Nate couldn't speak. He wanted to curl into a ball and make himself small. He wanted Bailey to be somewhere else so that he could get into the car and sit still for weeks, molding into the seat, just staring through the window, watching the world rush past him. He held the phone tightly in his hand, hoping that the force would travel through the line and say something for him. The silence on the other end was filled with accusations and apologies, with a history that had never been resolved.
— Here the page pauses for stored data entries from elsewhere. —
(* Let $k\ge 2$. Suppose that $1/\epsilon\le\binom{d/2}{k-1}$ and $\delta<1/3$. Then for $n\ge 1/\epsilon$, the space complexity of any valid For-Each-Itemset-Frequency-Indicator sketch satisfies $|\mathcal{S}(n,d,k,\epsilon,\delta)|=\Omega(d/\epsilon)$.
   Context: A database is $\mathcal{D}\in(\{0,1\}^d)^n$ ($n$ rows, $d$ binary columns). An itemset is $T\subseteq[d]$; a $k$-itemset has $|T|=k$. A row contains $T$ if it has a 1 in every column of $T$; $f_T(\mathcal{D})$ is the fraction of rows containing $T$. A For-Each-Itemset-Frequency-Indicator sketch is a pair $(\mathcal{S},\mathcal{Q})$ where $\mathcal{S}$ is a randomized algorithm mapping $(\mathcal{D},k,\epsilon,\delta)$ to a bit string (summary) and $\mathcal{Q}$ is a deterministic procedure mapping a summary and a $k$-itemset $T$ to a bit, such that for every database $\mathcal{D}$ and every single $k$-itemset $T$: if $f_T>\epsilon$ then $\mathcal{Q}(\mathcal{S}(\mathcal{D},k,\epsilon,\delta),T)=1$ with probability at least $1-\delta$, and if $f_T<\epsilon/2$ then it equals 0 with probability at least $1-\delta$. The space complexity $|\mathcal{S}(n,d,k,\epsilon,\delta)|$ is the maximum length in bits of the summary over all $\mathcal{D}\in(\{0,1\}^d)^n$. *)

From mathcomp Require Import all_boot all_order all_algebra.
Set Implicit Arguments. Unset Strict Implicit. Unset Printing Implicit Defensive.
Import Order.TTheory GRing.Theory Num.Theory.
Local Open Scope ring_scope.

Definition database (n d : nat) := {ffun 'I_n -> {ffun 'I_d -> bool}}.

Definition row_contains n d (D : database n d) (i : 'I_n) (T : {set 'I_d}) : bool :=
  [forall j in T, D i j].

Definition freq (R : realFieldType) n d (D : database n d) (T : {set 'I_d}) : R :=
  (#|[set i | row_contains D i T]|%:R) / (n%:R).

(* All bit strings of length at most L (each exactly once). *)
Fixpoint strs (L : nat) : seq (seq bool) :=
  if L is L'.+1 then
    [::] :: [seq b :: s | b <- [:: false; true], s <- strs L']
  else [:: [::]].

(* A randomized summary algorithm, at fixed parameters (n,d,k,eps,delta), is
   described by the output distribution mu D of summaries for every database D.
   [summary_dist L mu]: each mu D is a probability distribution on bit strings,
   and every summary produced with positive probability has length <= L
   (i.e. the space complexity is at most L). *)
Definition summary_dist (R : realFieldType) n d (L : nat)
    (mu : database n d -> seq bool -> R) : Prop :=
  forall D : database n d,
    (forall s, 0 <= mu D s) /\
    (forall s, mu D s != 0 -> (size s <= L)%N) /\
    \sum_(s <- strs L) mu D s = 1.

Definition prob_answer (R : realFieldType) n d (L : nat)
    (mu : database n d -> seq bool -> R) (Q : seq bool -> {set 'I_d} -> bool)
    (D : database n d) (T : {set 'I_d}) (b : bool) : R :=
  \sum_(s <- strs L) mu D s * (Q s T == b)%:R.

Definition valid_FEIFI (R : realFieldType) n d (k : nat) (eps delta : R) (L : nat)
    (mu : database n d -> seq bool -> R) (Q : seq bool -> {set 'I_d} -> bool) : Prop :=
  summary_dist L mu /\
  forall (D : database n d) (T : {set 'I_d}), #|T| = k ->
    (eps < freq R D T -> 1 - delta <= prob_answer L mu Q D T true) /\
    (freq R D T < eps / 2%:R -> 1 - delta <= prob_answer L mu Q D T false).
Nate looked through his reflection in the window and saw Bailey playing with his toy Actionman. He knew that being a dad meant feeling like this and doing the right thing anyway, of wanting the ground to swallow you up but forging ahead regardless. He tapped on the glass and plastered his face with the biggest, fakest smile he could muster. Bailey waved and stuck his tongue out, making Nate's smile turn wide and genuine. Nate pulled his hand through his hair and began to speak again. "You know what, Mom? Forget what I said. Maybe I didn't have a feeling; maybe it was just one of those crazy things. I think that I haven't been back for a reason."